Peter Hitchens

The link between drugs, terrorism and mental illness

Rod Liddle once actually said to me the immortal words ‘You were right and I was wrong’ at a Spectator summer party. This is a moment I shall treasure till the hour of my death. But even so, I was disappointed. For the subject was only Theresa May. I had predicted she would be a terrible premier. Rod had believed she would be good at the job. A year later, it was obvious who was correct. For one brief shining moment I had hoped that Rod had changed his mind about something much more important. I wish he and a lot of conservatives would shift their opinions about the role of mental illness in rampage killing all over the world. And, once they have done that, I wish they would be willing to examine the role of certain illegal and legal drugs in creating such mental illness.

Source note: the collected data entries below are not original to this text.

Definition Kelvin_Planck (P : set (functional * functional)) : Prop :=
  [/\ thermo_theory P,
      hat P (zerof, zerof) &
      forall p, hat P p -> meq p.1 zerof -> is_pos_measure p.2 ->
        meq p.2 zerof].

Definition CD_pair (P : set (functional * functional)) (eta Temp : T -> R) : Prop :=
  [/\ continuous eta, continuous Temp, (forall x, 0 < Temp x) &
      forall p, P p -> p.2 (fun x => (Temp x)^-1) <= p.1 eta].

Definition CD_scale (P : set (functional * functional)) (Temp : T -> R) : Prop :=
  exists eta, CD_pair P eta Temp.

Definition reversible (P : set (functional * functional))
  (p : functional * functional) : Prop :=
  hat P p /\ hat P (fun f => - p.1 f, fun f => - p.2 f).

Definition has_Carnot (P : set (functional * functional)) (s' s : T) : Prop :=
  exists c' c : R, [/\ 0 < c', 0 < c &
    reversible P (zerof, fun f => c' * dirac s' f - c * dirac s f)].

End Thermo.

From Pilot Require Import Defs.
From mathcomp Require Import all_boot all_order all_algebra.
From mathcomp Require Import all_classical all_reals all_analysis.
From mathcomp Require Import ring lra.
Import numFieldNormedType.Exports.
Import Order.TTheory GRing.Theory Num.Theory.
Local Open Scope ring_scope.
Local Open Scope classical_set_scope.

(* Both implications rest on separating a point of V(Sigma) from the closed
   convex cone [hat P] by continuous functions: a point outside a weak-star
   closure is at positive distance from it on finitely many test functions,
   where Hahn-Banach in finite dimension applies.

   (i) -> (ii): let [T0] be the distinguished scale.  If the Carnot element
   (0, T0(s') delta_s' - T0(s) delta_s), or its negative, were outside [hat P],
   a separating pair (eta, g) would satisfy the Clausius-Duhem inequality with
   T0(s') g(s') <> T0(s) g(s); then 1 / (1 / T0 + lam g), for small lam > 0,
   is a Clausius-Duhem scale that is not proportional to [T0] on Sigma0.

   (ii) -> (i): the Clausius-Duhem inequality applied to a Carnot element and
   to its negative gives c' / T(s') = c / T(s) for every scale T, so all
   scales are proportional on Sigma0.  Some scale exists: otherwise Hahn-Banach
   on C(Sigma) yields a nonzero positive measure nu with (0, nu) in [hat P],
   against the Kelvin-Planck property. *)

Section HahnBanach.
Variables (R : realType) (X : Type).
Local Notation E := (X -> R).
Variable V : set E.
Hypothesis VD : forall {f g}, V f -> V g -> V (fun x => f x + g x).
Hypothesis VZ : forall a {f}, V f -> V (fun x => a * f x).
Variable phi : E -> R.
Hypothesis phiD : forall {f g}, V f -> V g ->
  phi (fun x => f x + g x) <= phi f + phi g.
Hypothesis phiZ : forall t {f}, V f -> 0 < t -> t * phi f <= phi (fun x => t * f x).
Variable x0 : E.
Hypothesis Vx0 : V x0.

Lemma subspace0 : V (fun _ => 0).
Proof.
by have := VZ 0 Vx0; congr V; apply: funext => x; rewrite mul0r.
Qed.

Lemma sublinearZ t f : V f -> 0 < t -> phi (fun x => t * f x) = t * phi f.
Proof.
move=> Vf t0; apply/eqP; rewrite eq_le phiZ // andbT.
have ti : 0 < t^-1 by rewrite invr_gt0.
have := phiZ t^-1 (VZ t Vf) ti.
have -> : (fun x => t^-1 * (t * f x)) = f.
  by apply: funext => x; rewrite mulKf ?gt_eqF.
by rewrite ler_pdivrMl.
Qed.

Lemma sublinear0_ge0 : 0 <= phi (fun _ => 0).
Proof.
have := phiD subspace0 subspace0.
have -> : (fun _ : X => 0 + 0 : R) = (fun _ => 0) by apply: funext => x; rewrite addr0.
lra.
Qed.

(* [phi] is homogeneous for positive scalars only; for [t < 0] the bound
   comes from [0 <= phi 0 <= phi (t x0) + phi (- t x0)]. *)
Lemma sublinear_line t : t * phi x0 <= phi (fun x => t * x0 x).
Proof.
have [t0|t0|->] := ltgtP t 0; last first.
- have -> : (fun x => 0 * x0 x) = (fun _ => 0) by apply: funext => x; rewrite mul0r.
  by rewrite mul0r sublinear0_ge0.
- exact: phiZ.
have := phiD (VZ t Vx0) (VZ (- t) Vx0).
have -> : (fun x => t * x0 x + - t * x0 x) = (fun _ => 0).
  by apply: funext => x; ring.
rewrite (@sublinearZ (- t) x0) ?oppr_gt0 //; have := sublinear0_ge0; lra.
Qed.

Definition dominated_graph (G : set (E * R)) :=
  [/\ (forall f r, G (f, r) -> V f /\ r <= phi f),
      (forall f r s, G (f, r) -> G (f, s) -> r = s),
      (forall f r g s a b, G (f, r) -> G (g, s) ->
          G (fun x => a * f x + b * g x, a * r + b * s)) &
      (forall t, G (fun x => t * x0 x, t * phi x0))].

Definition graph_extension (G : set (E * R)) (h : E) (c : R) : set (E * R) :=
  [set z | exists f r t, G (f, r) /\ z = ((fun x => f x + t * h x), r + t * c)].

Definition admissible_extension_value (G : set (E * R)) (h : E) (c : R) :=
  (forall f r, G (f, r) -> r - phi (fun x => f x - h x) <= c) /\
  (forall g s, G (g, s) -> c <= phi (fun x => g x + h x) - s).

Section DominatedGraph.
Context {G : set (E * R)} (domG : dominated_graph G).

Lemma dominated_graphZ {f r} a : G (f, r) -> G (fun x => a * f x, a * r).
Proof.
case: domG => _ _ Glin _ Gfr; have := Glin _ _ _ _ a 0 Gfr Gfr.
by rewrite mul0r addr0; congr G; congr pair; apply: funext => x; ring.
Qed.

Lemma dominated_graphD {f r g s} : G (f, r) -> G (g, s) ->
  G (fun x => f x + g x, r + s).
Proof.
case: domG => _ _ Glin _ Gfr Ggs; have := Glin _ _ _ _ 1 1 Gfr Ggs.
by rewrite !mul1r; congr G; congr pair; apply: funext => x; ring.
Qed.

Lemma dominated_graph0 : G (fun _ => 0, 0).
Proof.
case: domG => _ _ _ Gbase; have := Gbase 0.
by rewrite mul0r; congr G; congr pair; apply: funext => x; rewrite mul0r.
Qed.

Context {h : E} (Vh : V h) (Gh : ~ exists r, G (h, r)).

Lemma exists_admissible_extension_value : exists c, admissible_extension_value G h c.
Proof.
have [Gdom _ _ _] := domG.
pose L := [set z.2 - phi (fun x => z.1 x - h x) | z in G].
have Lub g s : G (g, s) -> ubound L (phi (fun x => g x + h x) - s).
  move=> Ggs _ [[f r] /= Gfr <-].
  have [Vf _] := Gdom _ _ Gfr; have [Vg _] := Gdom _ _ Ggs.
  have [_ le_fg] := Gdom _ _ (dominated_graphD Gfr Ggs).
  have := phiD (VD Vf (VZ (-1) Vh)) (VD Vg Vh).
  have -> : (fun x => f x + -1 * h x + (g x + h x)) = (fun x => f x + g x).
    by apply: funext => x; ring.
  have -> : (fun x => f x + -1 * h x) = (fun x => f x - h x).
    by apply: funext => x; ring.
  lra.
have G0 := dominated_graph0.
have Lne : L !=set0 by exists (0 - phi (fun x => 0 - h x)); exists (fun _ => 0, 0).
have Lbd : has_ubound L by exists (phi (fun x => 0 + h x) - 0); exact: Lub.
exists (sup L); split=> [f r Gfr|g s Ggs].
- by apply: sup_upper_bound => //; exists (f, r).
- exact: ge_sup (Lub _ _ Ggs).
Qed.

Context {c : R} (admissible_c : admissible_extension_value G h c).

(* For [t > 0] divide by [t] and use the upper bound on [c]; for [t < 0]
   divide by [-t] and use the lower bound. *)
Lemma graph_extension_le f r t : G (f, r) ->
  r + t * c <= phi (fun x => f x + t * h x).
Proof.
move=> Gfr; have [Gdom _ _ _] := domG; have [Vf rle] := Gdom _ _ Gfr.
have [lower upper] := admissible_c.
have [t0|t0|->] := ltgtP t 0; last first.
- have -> : (fun x => f x + 0 * h x) = f by apply: funext => x; ring.
  by rewrite mul0r addr0.
- have := upper _ _ (dominated_graphZ t^-1 Gfr).
  have Vs : V (fun x => t^-1 * f x + h x) by apply: VD => //; exact: VZ.
  have <- : t * phi (fun x => t^-1 * f x + h x) = phi (fun x => f x + t * h x).
    rewrite -sublinearZ //; congr phi; apply: funext => x.
    by rewrite mulrDr mulrA mulfV ?gt_eqF // mul1r.
  move=> le; have := ler_wpM2l (ltW t0) le.
  by rewrite mulrBr mulrA mulfV ?gt_eqF // mul1r; lra.
- have u0 : 0 < - t by rewrite oppr_gt0.
  have := lower _ _ (dominated_graphZ (- t)^-1 Gfr).
  have Vmh : V (fun x => - h x).
    by have := VZ (-1) Vh; congr V; apply: funext => x; rewrite mulN1r.
  have Vs : V (fun x => (- t)^-1 * f x - h x) by apply: VD => //; exact: VZ.
  have <- : - t * phi (fun x => (- t)^-1 * f x - h x) = phi (fun x => f x + t * h x).
    rewrite -sublinearZ //; congr phi; apply: funext => x.
    by rewrite mulrBr mulrA mulfV ?gt_eqF // mul1r; ring.
  move=> le; have := ler_wpM2l (ltW u0) le.
  by rewrite mulrBr mulrA mulfV ?gt_eqF // mul1r; lra.
Qed.

Lemma graph_extension_functional f r s :
  graph_extension G h c (f, r) -> graph_extension G h c (f, s) -> r = s.
Proof.
have [_ Gfun Glin _] := domG.
move=> [f1 [r1 [t1 [G1 [-> ->]]]]] [f2 [r2 [t2 [G2 [E12 ->]]]]].
have E12x x : f1 x + t1 * h x = f2 x + t2 * h x by have := congr1 (fun F => F x) E12.
have [t12|t12] := eqVneq t1 t2.
  have f12 : f1 = f2 by apply: funext => x; have := E12x x; rewrite t12; lra.
  by move: G2; rewrite -f12 -t12 => /(Gfun _ _ _ G1) ->.
exfalso; apply: Gh; eexists.
have := Glin _ _ _ _ (t2 - t1)^-1 (- (t2 - t1)^-1) G1 G2.
congr G; congr pair; apply: funext => x.
have nz : t2 - t1 != 0 by rewrite subr_eq0 eq_sym.
have -> : f1 x = f2 x + (t2 - t1) * h x by have := E12x x; lra.
by rewrite mulNr -mulrBr addrAC subrr add0r mulKf.
Qed.

Lemma graph_extension_dominated : dominated_graph (graph_extension G h c).
Proof.
have [Gdom _ Glin Gbase] := domG; split.
- move=> _ _ [f [r [t [Gfr [-> ->]]]]]; split; last exact: graph_extension_le.
  by have [Vf _] := Gdom _ _ Gfr; exact: VD Vf (VZ t Vh).
- exact: graph_extension_functional.
- move=> _ _ _ _ a b [f [r [t [Gfr [-> ->]]]]] [g [s [t' [Ggs [-> ->]]]]].
  exists (fun x => a * f x + b * g x), (a * r + b * s), (a * t + b * t').
  by split; [exact: Glin | congr pair; [apply: funext => x|]; ring].
- move=> t; exists (fun x => t * x0 x), (t * phi x0), 0.
  by split => //; congr pair; [apply: funext => x|]; ring.
Qed.

Lemma graph_extension_proper : G `<` graph_extension G h c.
Proof.
split.
  move=> [f r] Gfr; exists f, r, 0; split => //.
  by congr pair; [apply: funext => x|]; ring.
move=> /(_ (h, c)) Gext; apply: Gh; exists c; apply: Gext.
exists (fun _ => 0), 0, 1; split; first exact: dominated_graph0.
by congr pair; [apply: funext => x|]; ring.
Qed.

End DominatedGraph.

Lemma dominated_graph_bigcup (F : set (set (E * R))) :
  (forall G, F G -> G = set0 \/ dominated_graph G) -> total_on F subset ->
  (exists2 G, F G & dominated_graph G) -> dominated_graph (\bigcup_(G in F) G).
Proof.
move=> FP Ftot [G0 FG0 domG0].
have domF G z : F G -> G z -> dominated_graph G.
  by move=> FG Gz; case: (FP _ FG) => // G0e; rewrite G0e in Gz.
split.
- by move=> f r [G FG Gz]; have [Gdom _ _ _] := domF _ _ FG Gz; exact: Gdom.
- move=> f r s [G1 F1 G1z] [G2 F2 G2z].
  have [S12|S21] := Ftot _ _ F1 F2.
  + by have [_ Gfun _ _] := domF _ _ F2 G2z; exact: Gfun _ _ _ (S12 _ G1z) G2z.
  + by have [_ Gfun _ _] := domF _ _ F1 G1z; exact: Gfun _ _ _ G1z (S21 _ G2z).
- move=> f r g s a b [G1 F1 G1z] [G2 F2 G2z].
  have [S12|S21] := Ftot _ _ F1 F2.
  + have [_ _ Glin _] := domF _ _ F2 G2z.
    by exists G2 => //; exact: Glin _ _ _ _ _ _ (S12 _ G1z) G2z.
  + have [_ _ Glin _] := domF _ _ F1 G1z.
    by exists G1 => //; exact: Glin _ _ _ _ _ _ G1z (S21 _ G2z).
- by move=> t; exists G0 => //; case: domG0.
Qed.

Lemma line_graph_dominated :
  dominated_graph [set ((fun x => t * x0 x), t * phi x0) | t in [set: R]].
Proof.
split.
- by move=> f r [t _ [<- <-]]; split; [exact: VZ | exact: sublinear_line].
- move=> f r s [t _ [<- <-]] [t' _ [Ef <-]].
  have [[x nz]|x00] := pselect (exists x, x0 x != 0).
    by have := congr1 (fun F => F x) Ef => /= /(mulIf nz) ->.
  have {}x00 : x0 = (fun _ => 0).
    by apply: funext => x; apply: contrapT => nz; apply: x00; exists x; exact/eqP.
  suff -> : phi x0 = 0 by rewrite !mulr0.
  have := sublinearZ 2%:R x0 Vx0 (ltr0Sn R 1); rewrite x00.
  have -> : (fun _ : X => 2%:R * 0 : R) = (fun _ => 0) by apply: funext => x; rewrite mulr0.
  lra.
- move=> f r g s a b [t _ [<- <-]] [t' _ [<- <-]].
  by exists (a * t + b * t') => //; congr pair; [apply: funext => x|]; ring.
- by move=> t; exists t.
Qed.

The trouble with such killings, on both sides of the Atlantic, is that so many people have stakes in attributing or denying blame for them. Those who believe that marijuana is harmless dislike it when I draw attention to just how many such killers (about 90 per cent of them, from Lee Rigby’s killers in London to those responsible for carnage in Nice and Sousse) have been using that drug. The ‘steroid community’ is also highly sensitive about suggestions that these chemicals might be associated with serious violence. But the Norway mass-murderer Anders Breivik, the perpetrator of the New Zealand mosque massacre Brenton Tarrant, the Orlando mass killer Omar Mateen and the London Bridge killers in this country were all steroid users. So was the unquestionably unpolitical rampage killer Raoul Moat, who brought terror to Northumbria in 2010 before killing himself. As for antidepressants, anyone who suggests that these medications may be less than perfect, or that they have unintended consequences, faces a howl of fury from those who take them, and the immense power of the companies which make them.